Повисло гнетущее молчание. Виньи сидел бледный. Дюпейре нервно перебирал карты. В глазах Рашана Ахилл увидел пламя ярости и ненависти и почувствовал прилив удовлетворения.

– Именно я должен… – начал Рашан, а потом разочаровал Ахилла тем, что запнулся, когда осторожность и страх появились в его глазах. Пожав плечами, с натянутой улыбкой Рашан сказал: – Я хотел бы закончить нашу игру, Д'Ажене.

– Она закончилась почти год назад, – ответил Ахилл. – Или месье маркиз забыл?

– Ничего я не забыл, ты!..

– Месье! – закричал Дюпейре. Он приложил руку ко лбу и пробормотал: – Моя жена говорила: «Скромный загородный вечер». – Он жестом приказал слуге принести еще вина. – Пожалуйста, пожалуйста, – повторял он. – Теперь, Рашан, я уверен, что король хотел, чтоб вы отдохнули. Для вас этот год был насыщен событиями…

– Убийство – это событие, не так ли, Д'Ажене? – съязвил Рашан.

Дюпейре раздраженно выдохнул:

– Месье! Мы собрались здесь, чтобы отдохнуть. Пусть вашу ссору с месье Д'Ажене разрешит король. А здесь выпейте немного бургундского.

Рашан выхватил у слуги бокал вини, и влил его в себя. Ахилл следил за его красным лицом. Он, должно быть, видел некоторое родственное сходство в крупных чертах стоящего перед ним человека… с человеком, который когда-то назывался его другом.

Взгляд Ахилла стал отсутствующим.

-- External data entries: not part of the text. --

Lemma descends_le top g k1 k2 : descends top g -> k1 <= k2 <= r -> g k2 <= g k1.
Proof.
case=> _ _ dec /andP []; elim: k2 => [|k2 IH]; first by rewrite leqn0 => /eqP ->.
rewrite leq_eqVlt ltnS => /orP [/eqP -> //| le1 le2].
exact: leq_trans (dec _ le2) (IH le1 (ltnW le2)).
Qed.

Lemma descends_bounds top g k : descends top g -> k <= r -> 1 <= g k <= top.
Proof.
move=> dg le_k; case: (dg) => g0 gr _; apply/andP; split.
  by rewrite -gr; apply: (descends_le dg); rewrite le_k leqnn.
by rewrite -[top]g0; apply: (descends_le dg).
Qed.

Definition path_family (g h : nat -> nat) (S : 'I_r -> {set P}) : Prop :=
  forall k : 'I_r, is_path (S k) (g k, k * n + h k.+1) (g k.+1, k * n + h k).

Definition path_union F : Prop :=
  exists g h, descends m g /\ descends n h /\
    exists S, path_family g h S /\ F = \bigcup_(k < r) S k.

Section PathUnion.
Variables (g h : nat -> nat) (S : 'I_r -> {set P}).
Hypotheses (dg : descends m g) (dh : descends n h) (pS : path_family g h S).
Local Notation U := (\bigcup_(k < r) S k).

Lemma path_family_block (k : 'I_r) v : v \in S k ->
  [/\ g k.+1 <= (row_idx v).+1 <= g k, block_idx v = k
     & h k.+1 <= (inner_idx v).+1 <= h k].
Proof.
case: (pS k) => s [_ pth lst eS]; rewrite eS inE -/(point v) => /(path_in_rect pth).
rewrite lst /in_rect /northeast /= => /andP [/andP [? ?] /andP [? ?]].
have := descends_bounds dh (ltnW (ltn_ord k)); have := descends_bounds dh (ltn_ord k).
move=> /andP [? ?] /andP [? ?].
have [|bv iv] := @col_in_block v k; first by apply/andP; split; lia.
by rewrite bv iv; split=> //; apply/andP; split; lia.
Qed.

Lemma path_family_start (k : 'I_r) : exists2 v, v \in S k &
  [/\ (row_idx v).+1 = g k, block_idx v = k & (inner_idx v).+1 = h k.+1].
Proof.
have [v [w [vS _ pv _]]] := is_path_ends (pS k); exists v => //.
have [_ bv _] := path_family_block vS; have := col_idxE v.
by case: pv => rowE colE; rewrite bv; split=> //; lia.
Qed.

Lemma path_family_end (k : 'I_r) : exists2 v, v \in S k &
  [/\ (row_idx v).+1 = g k.+1, block_idx v = k & (inner_idx v).+1 = h k].
Proof.
have [w [v [_ vS _ pv]]] := is_path_ends (pS k); exists v => //.
have [_ bv _] := path_family_block vS; have := col_idxE v.
by case: pv => rowE colE; rewrite bv; split=> //; lia.
Qed.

Приступ добродетельности заставил его оцепенеть – словно после укуса ядовитого паука – всего, кроме одного маленького уголка печали в темноте его души.

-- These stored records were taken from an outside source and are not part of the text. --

(* Let $\Gamma$ be an elliptic graph with NN-elliptic sequence $\{B_j\}_{j=-1}^m$ (with the convention $B_{m+1}=\emptyset$). Assume $\Gamma_{new}$ is obtained from $\Gamma$ by attaching new vertices $v_1,\dots,v_s$ ($s\ge1$), each joined by a single edge to a fixed vertex $v_0\in\mathcal V(\Gamma)$ and to no other vertex, and that $\Gamma_{new}$ is an elliptic graph. Then (a) $v_0\in\mathcal V(B_{-1})\setminus\mathcal V(B_1)$; (b) the $E_{v_0}$-coefficient of $Z_{min}^\Gamma$ is $1$; (c) $(Z^\Gamma_{min},E_{v_0})_\Gamma\le1-s$. Furthermore, if $v_0\in\mathcal V(B_0)\setminus\mathcal V(B_1)$ then $v_0$ is an end-vertex (valency-one vertex) of $B_0$.
   Context: For a decorated tree $G$ (vertex set $\mathcal V(G)$, integer decorations $e_v$, genera zero, negative definite form $(\,,\,)_G$ on $L(G)=\mathbb Z\langle E_v\rangle$ with $(E_v,E_v)=e_v$, $(E_v,E_w)=1$ for adjacent $v\ne w$, $0$ otherwise) let $L'(G)$ be the dual lattice, $[l']$ the class in $L'(G)/L(G)$, $Z_K^G$ with $(Z_K^G,E_v)=e_v+2$, $\chi(l')=-(l',l'-Z_K^G)/2$; $\ge$ coordinatewise, $l>0$ if $l\ge0,l\ne0$, $|l'|$ the support. $\mathcal S'(G)=\{l':(l',E_v)\le0\ \forall v\}$, $s_h=\min\{l'\in\mathcal S'(G):[l']=h\}$; $Z^G_{min}$ is the minimal nonzero element of $\mathcal S'(G)\cap L(G)$, similarly $Z_{min}(B)$ for a connected full subgraph $B$. Elliptic graph: $e_v\le-2$ for all $v$ and $\min_{l\in L(G),l>0}\chi(l)=0$. NN-elliptic sequence: $B_{-1}=G$, $Z_{B_{-1}}=s_{[Z^G_K]}$, $B_0=|Z^G_K-s_{[Z^G_K]}|$; for $j\ge0$, $Z_{B_j}=Z_{min}(B_j)$, and if $Z^G_K-\sum_{i=-1}^jZ_{B_i}\ne0$ then $B_{j+1}=|Z^G_K-\sum_{i=-1}^jZ_{B_i}|$; $m$ is the index with $Z^G_K=\sum_{i=-1}^mZ_{B_i}$. *)

From HB Require Import structures.
From mathcomp Require Import all_boot all_order all_algebra.
Set Implicit Arguments. Unset Strict Implicit. Unset Printing Implicit Defensive.
Import Order.TTheory GRing.Theory Num.Theory.
Local Open Scope ring_scope.

Section Plumbing.
Variable T : finType.
Variable adj : rel T.
Variable e : T -> int.         (* decorations e_v; all genera are zero *)

(* Elements of L(G) (x) Q are functions T -> rat: l = sum_v l(v) E_v. *)

Definition imat (u v : T) : rat :=
  if u == v then (e u)%:~R else if adj u v then 1 else 0.

Definition form (x y : T -> rat) : rat :=
  \sum_(u : T) \sum_(v : T) x u * y v * imat u v.

Definition pairE (x : T -> rat) (v : T) : rat := \sum_(u : T) x u * imat u v.

Definition decorated_tree : Prop :=
  [/\ symmetric adj, irreflexive adj, (0 < #|T|)%N,
      (forall u v, connect adj u v) &
      #|[set p : T * T | adj p.1 p.2]| = (2 * (#|T| - 1))%N] /\
      (forall x : T -> rat, (exists v, x v != 0) -> form x x < 0).

Definition inL (x : T -> rat) : Prop := forall v, x v \is a Num.int.
Definition inL' (x : T -> rat) : Prop := forall v, pairE x v \is a Num.int.
Definition same_class (x y : T -> rat) : Prop := inL (fun v => x v - y v).

Definition vle (x y : T -> rat) : Prop := forall v, x v <= y v.
Definition vpos (x : T -> rat) : Prop := vle (fun _ => 0) x /\ exists v, x v != 0.
Definition support (x : T -> rat) : {set T} := [set v | x v != 0].

Definition is_ZK (z : T -> rat) : Prop := forall v, pairE z v = (e v)%:~R + 2.

Definition chi (ZK x : T -> rat) : rat := - form x (fun v => x v - ZK v) / 2.

Definition inS' (x : T -> rat) : Prop := inL' x /\ forall v, pairE x v <= 0.

Definition is_s_class (y x : T -> rat) : Prop :=
  [/\ inS' x, same_class x y &
      forall x', inS' x' -> same_class x' y -> vle x x'].

(* x = Z_min(B) for a (connected full) subgraph with vertex set B:
   the minimal nonzero element of S'(B) /\ L(B), elements of L(B) being the
   elements of L(G) supported on B.  For B = setT this is Z_min^G. *)
Definition is_Zmin (B : {set T}) (x : T -> rat) : Prop :=
  let P := fun y : T -> rat =>
    [/\ inL y, support y \subset B, exists v, y v != 0 &
        forall v, v \in B -> pairE y v <= 0] in
  P x /\ forall y, P y -> vle x y.

Definition elliptic : Prop :=
  (forall v, e v <= -2) /\
  exists ZK, [/\ is_ZK ZK,
    (forall l, inL l -> vpos l -> 0 <= chi ZK l) &
    (exists l, [/\ inL l, vpos l & chi ZK l = 0])].

(* NN-elliptic sequence, shifted by one: B k = B_{k-1}, Z k = Z_{B_{k-1}}
   for k = 0 .. m+1, and B (m+2) = B_{m+1} = emptyset (convention). *)
Definition NN_elliptic_seq (m : nat) (B : nat -> {set T}) (Z : nat -> T -> rat)
  : Prop :=
  exists ZK, [/\ is_ZK ZK, B 0%N = setT & is_s_class ZK (Z 0%N)] /\ [/\
    (forall k, (1 <= k <= m.+2)%N ->
        B k = support (fun v => ZK v - \sum_(i < k) Z i v)),
    (forall k, (1 <= k <= m.+1)%N -> is_Zmin (B k) (Z k)),
    (forall k, (k <= m)%N -> exists v, ZK v - \sum_(i < k.+1) Z i v != 0) &
    (forall v, ZK v = \sum_(i < m.+2) Z i v)].

End Plumbing.

(* Gamma_new: attach s new vertices (inr i), each joined only to v0. *)
Definition new_adj (T : finType) (adj : rel T) (s : nat) (v0 : T)
  : rel (T + 'I_s)%type :=
  fun a b => match a, b with
    | inl u, inl v => adj u v
    | inl u, inr _ => u == v0
    | inr _, inl v => v == v0
    | inr _, inr _ => false
    end.

Definition new_dec (T : finType) (e : T -> int) (s : nat) (f : 'I_s -> int)
  : (T + 'I_s)%type -> int :=
  fun a => match a with inl u => e u | inr i => f i end.

From Pilot Require Import Defs.
From HB Require Import structures.
From mathcomp Require Import all_boot all_order all_algebra.
Import Order.TTheory GRing.Theory Num.Theory.
Local Open Scope ring_scope.
From mathcomp Require Import ring lra zify.
Set Implicit Arguments. Unset Strict Implicit. Unset Printing Implicit Defensive.

(* By adjunction chi(x) = (sum_u x_u (e_u + 2) - (x, x)) / 2, and
   extending a cycle a >= 0 of Gamma by 1 on the new vertices gives
   chi_new = chi(a) + s (1 - a_v0).  Ellipticity of Gamma_new thus forces
   a_v0 <= 1 whenever chi(a) <= 0.  This applies to Z_min (chi(Z_min) <= 0 by
   Laufer's algorithm started from a cycle with chi = 0), which is >= 1
   everywhere, and to Z_min + E_v0, giving (Z_min, E_v0) <= 1 - s.  It also
   applies to Y = Z_K - s_[Z_K] = sum_(j >= 0) Z_(B_j), since
   chi(Y) = (Y, s_[Z_K]) / 2 <= 0; as Z_(B_0) >= 1 on B_0, v0 cannot lie in
   B_1.  If v0 is in B_0 \ B_1 then Y_v0 = 1 and chi(Y) = 0, so Y satisfies
   the adjunction equalities on B_0; the part of Y on one branch of the tree
   at v0 then has chi = (part, E_v0) / 2, and integrality of chi leaves room
   for a single branch meeting B_0. *)

Section Tree.
Variable T : finType.

Definition edges (r : rel T) : {set T * T} := [set p : T * T | r p.1 p.2].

Размышления прервало фырканье – Рашан вырвал кувшин с вином из рук слуги и до краев наполнил свой бокал.

– Давайте не будем портить месье Дюпейре «скромный загородный вечер», – сказал он, насмешливо произнеся последние три слова. – Партию в фаро? По тысяче луидоров для начала. Я сдаю.

Сумму прокомментировал всеобщий смех. У Рашана никогда не было денег, его земли были заложены и перезаложены, и Ахилл хотел было пройтись насчет его возможностей платить. Но сзади на некотором расстоянии стояла графиня Баттяни. Она, сжимая веер, встала при первом же намеке на стычку.

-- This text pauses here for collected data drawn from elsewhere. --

(* Let $n\geq 3$ and let $k\in\mathbb{Z}_n$ with $k\neq 0$ and $2k\not\equiv 0\pmod n$. Let $C$ be a subset of the vertex set of the generalized Petersen graph $\mathrm{GP}(n,k)$. Then $C$ is a perfect code in $\mathrm{GP}(n,k)$ if and only if $n\equiv 0\pmod 4$, $k\equiv 1\pmod 2$, and $$C=\{u_{4i+j},\,v_{4i+j+2}\mid i\in\mathbb{Z}_n\}$$ for some $j\in\{0,1,2,3\}$ (indices taken modulo $n$).
   Context: For an integer $n\geq 3$ and a nonzero $k\in\mathbb{Z}_n$, the generalized Petersen graph $\mathrm{GP}(n,k)$ is the simple graph with vertex set $\{u_i,v_i\mid i\in\mathbb{Z}_n\}$ ($2n$ vertices) and edges $u_iu_{i+1}$, $u_iv_i$, $v_iv_{i+k}$ for all $i\in\mathbb{Z}_n$ (all indices modulo $n$). Standing assumption: $2k\not\equiv 0\pmod n$, so that $\mathrm{GP}(n,k)$ is 3-regular. Since $k$ is only defined modulo $n$, a congruence such as $k\equiv 1\pmod 2$ with $n$ even is well defined. A perfect code in a graph $\Gamma$ is an independent set $C\subseteq V(\Gamma)$ such that every vertex not in $C$ is adjacent to exactly one vertex of $C$. *)

From mathcomp Require Import all_boot.
Set Implicit Arguments. Unset Strict Implicit. Unset Printing Implicit Defensive.

(* The parameter k : nat is a representative of k in Z_n; all indices are
   taken modulo n. *)
Definition gp_vertex (n : nat) := (bool * 'I_n)%type.

Definition u_ (n : nat) (i : 'I_n) : gp_vertex n := (false, i).
Definition v_ (n : nat) (i : 'I_n) : gp_vertex n := (true, i).

Definition gp_adj (n k : nat) (x y : gp_vertex n) : bool :=
  match x, y with
  | (false, i), (false, j) => (j == (i + 1) %% n :> nat) || (i == (j + 1) %% n :> nat)
  | (false, i), (true, j) => i == j
  | (true, i), (false, j) => i == j
  | (true, i), (true, j) => (j == (i + k) %% n :> nat) || (i == (j + k) %% n :> nat)
  end.

Definition perfect_code (n k : nat) (C : {set gp_vertex n}) : Prop :=
  (forall x y, x \in C -> y \in C -> ~~ gp_adj k x y) /\
  (forall x, x \notin C -> #|[set y in C | gp_adj k x y]| = 1).

Definition gp_code (n j : nat) : {set gp_vertex n} :=
  [set x : gp_vertex n |
     [exists i : 'I_n,
        if x.1 then (x.2 == (4 * i + j + 2) %% n :> nat)
        else (x.2 == (4 * i + j) %% n :> nat)]].

From mathcomp Require Import all_boot zify.
Set Implicit Arguments. Unset Strict Implicit. Unset Printing Implicit Defensive.

(* A perfect code meets every closed neighbourhood exactly once.  Reading C as two
   n-periodic 0/1 sequences f (outer vertices u) and g (inner vertices v) gives
     f m + f (m+1) + f (m+2) + g (m+1) = 1   and   g m + g (m+k) + g (m+2k) + f (m+k) = 1.
   A local analysis in the lattice spanned by the steps 1 and k shows that C contains
   no two consecutive v's and no two u's at distance 3; hence u_p in C forces u_{p+4}
   in C, so f is the indicator of one residue class mod 4, 4 divides n, g is f shifted
   by 2, and the second equation at a v in C rules out even k.  Conversely, for odd k
   the two same-side neighbours of a vertex and the vertex itself cover three residues
   mod 4; the fourth is the residue served from the other side. *)

Lemma perfect_code_closed_nbhdP (T : finType) (e : rel T) (C : {set T}) :
  ((forall x y, x \in C -> y \in C -> ~~ e x y) /\
   (forall x, x \notin C -> #|[set y in C | e x y]| = 1)) <->
  (forall x, (x \in C) + #|[set y in C | e x y]| = 1).
Proof.
split=> [[indep dom] x | cover].
- case: (boolP (x \in C)) => Cx; last by rewrite dom.
  suff -> : [set y in C | e x y] = set0 by rewrite cards0.
  apply/setP => y; rewrite !inE; apply/andP => -[Cy exy].
  by move: (indep x y Cx Cy); rewrite exy.
- split=> [x y Cx Cy | x Cx]; last by have := cover x; rewrite (negbTE Cx).
  apply/negP => exy; have := cover x; rewrite Cx.
  suff : 0 < #|[set y in C | e x y]| by lia.
  by apply/card_gt0P; exists y; rewrite inE Cy exy.
Qed.

Lemma card_set_seq (T : finType) (C : {set T}) (P : pred T) (s : seq T) :
  uniq s -> (forall y, P y = (y \in s)) -> #|[set y in C | P y]| = count (mem C) s.
Proof.
move=> s_uniq Ps.
have -> : [set y in C | P y] = [set y in [seq z <- s | z \in C]].
  by apply/setP => y; rewrite !inE mem_filter Ps.
by rewrite cardsE (card_uniqP _) ?size_filter // filter_uniq.
Qed.

Lemma modn_lt_double x n : x < n + n -> x %% n = if x < n then x else x - n.
Proof.
move=> x_lt; case: ltnP => [|le_nx]; first exact: modn_small.
by rewrite -{1}(subnK le_nx) modnDr modn_small //; lia.
Qed.

Lemma eq_modn_shift n i j d : i < n -> j < n -> d <= n ->
  (i == (j + d) %% n) = (j == (i + n - d) %% n).
Proof.
move=> lt_in lt_jn le_dn.
rewrite (modn_lt_double (x := j + d)) 1?(modn_lt_double (x := i + n - d)); try lia.
by do 2 case: ifP => ?; apply/eqP/eqP; lia.
Qed.

Lemma nat_of_bool_inj : injective nat_of_bool.
Proof. by do 2 case. Qed.

Lemma periodicM (h : nat -> nat) n : (forall m, h (m + n) = h m) ->
  forall t m, h (m + t * n) = h m.
Proof.
move=> h_per; elim=> [|t IHt] m; first by rewrite mul0n addn0.
by rewrite mulSnr addnA h_per IHt.
Qed.

Section Lattice.
Variables F G : nat -> nat -> nat.
Hypotheses (F_row : forall a b, F a b + F a.+1 b + F a.+2 b + G a.+1 b = 1)
           (G_col : forall a b, G a b + G a b.+1 + G a b.+2 + F a b.+1 = 1).

(* F a b and G a b stand for u and v at index q + a + b k: rows are the closed
   neighbourhoods of the u's, columns those of the v's.  If v_p, v_{p+1} are in C
   (G 4 4, G 5 4), then u_{p+2-k} and u_{p+2+k} are forced into C and v_{p+2} is
   left undominated. *)
Lemma lattice_G_no_consecutive : G 4 4 + G 5 4 <= 1.
Proof.
move: (G_col 4 2) (G_col 4 4) (G_col 5 2) (F_row 4 4) (G_col 5 4)
      (F_row 4 3) (F_row 4 5) (G_col 6 2) (G_col 6 3) (F_row 5 5).
lia.
Qed.

(* Propagation from u_p, u_{p+3} (F 4 4, F 7 4), with one case split on u_{p-k},
   ends at a vertex dominated twice or not at all. *)
Lemma lattice_F_no_gap3 (G_no_consecutive : forall a b, G a b + G a.+1 b <= 1) :
  F 4 4 + F 7 4 <= 1.
Proof.
move: (F_row 2 3) (G_col 3 3) (G_col 3 4) (G_col 4 2) (F_row 3 4) (G_col 4 3) (F_row 3 5)
      (F_row 4 3) (F_row 4 4) (G_col 5 3) (F_row 4 5) (F_row 5 4) (G_col 7 3) (F_row 3 2)
      (F_row 4 2) (G_col 6 1) (G_col 6 2) (F_row 6 2) (F_row 6 3) (G_col 7 2)
      (G_no_consecutive 4 2).
lia.
Qed.

End Lattice.

Section ExactCoverSequences.
Variables (n k : nat) (f g : nat -> nat).
Hypotheses (n_gt0 : 0 < n)
  (f_periodic : forall m, f (m + n) = f m) (g_periodic : forall m, g (m + n) = g m)
  (f_row : forall m, f m + f m.+1 + f m.+2 + g m.+1 = 1)
  (g_row : forall m, g m + g (m + k) + g (m + k + k) + f (m + k) = 1).

Lemma f_le1 m : f m <= 1. Proof. by have := f_row m; lia. Qed.

Let lattice_f q a b := f (q + a + b * k).
Let lattice_g q a b := g (q + a + b * k).

Lemma lattice_rows q a b :
  lattice_f q a b + lattice_f q a.+1 b + lattice_f q a.+2 b + lattice_g q a.+1 b = 1.
Proof. by rewrite /lattice_f /lattice_g !addnS !addSn f_row. Qed.

Lemma lattice_cols q a b :
  lattice_g q a b + lattice_g q a b.+1 + lattice_g q a b.+2 + lattice_f q a b.+1 = 1.
Proof. by rewrite /lattice_f /lattice_g !mulSnr !addnA g_row. Qed.

(* Moving the origin back by a multiple of the period keeps every lattice index
   nonnegative. *)
Let lattice_origin p := p + k.+1 * 4 * n - k.+1 * 4.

«Почему она так возбуждена?» – удивился Ахилл. Остальные женщины шептались между собой, их глаза блестели в ожидании приближающегося столкновения двух врагов, ее же глаза выражали беспокойство.

Слуга сделал движение, чтобы закрыть проходную дверь.

– Не надо, – сказал Ахилл. Его взгляд на мгновение встретился с глазами графини, и она успокоилась. – Я хотел бы, чтобы дверь была открыта, – очень вежливо произнес он, снова глядя на Рашана. – Итак, партия. Ведь вы так настаиваете. Но для начала по две тысячи.

Рашан побледнел, потом кивнул и сел. Из ящичка с картами выскользнули две и были сданы. Ахилл поставил свой стул так, чтобы в поле зрения находились и маркиз де Рашан, и графиня Баттяни.

Игра пошла так, как Ахилл и ожидал. Рашан был наихудшим типом игрока, тем, кто умеет немного играть, но считает свое умение лучшим, чем оно есть на самом деле. Ахилл разделил свое внимание между графиней и картами. Это был трюк, которому он научился еще ребенком, поглощенным в свое чтение, в то время как уши внимательно прислушивались к мягким шагам его наставника. Рашан пошел неудачно, потом с победным видом откинулся назад и фыркнул:

– Ты знаешь, я не позволю тебе вывести меня из себя. – Он шумно глотнул еще вина и наклонился вперед. – Я слишком долго ждал. А теперь хватит. Король далеко. Париж далеко. – Его глаза сверкнули. – Но не справедливость!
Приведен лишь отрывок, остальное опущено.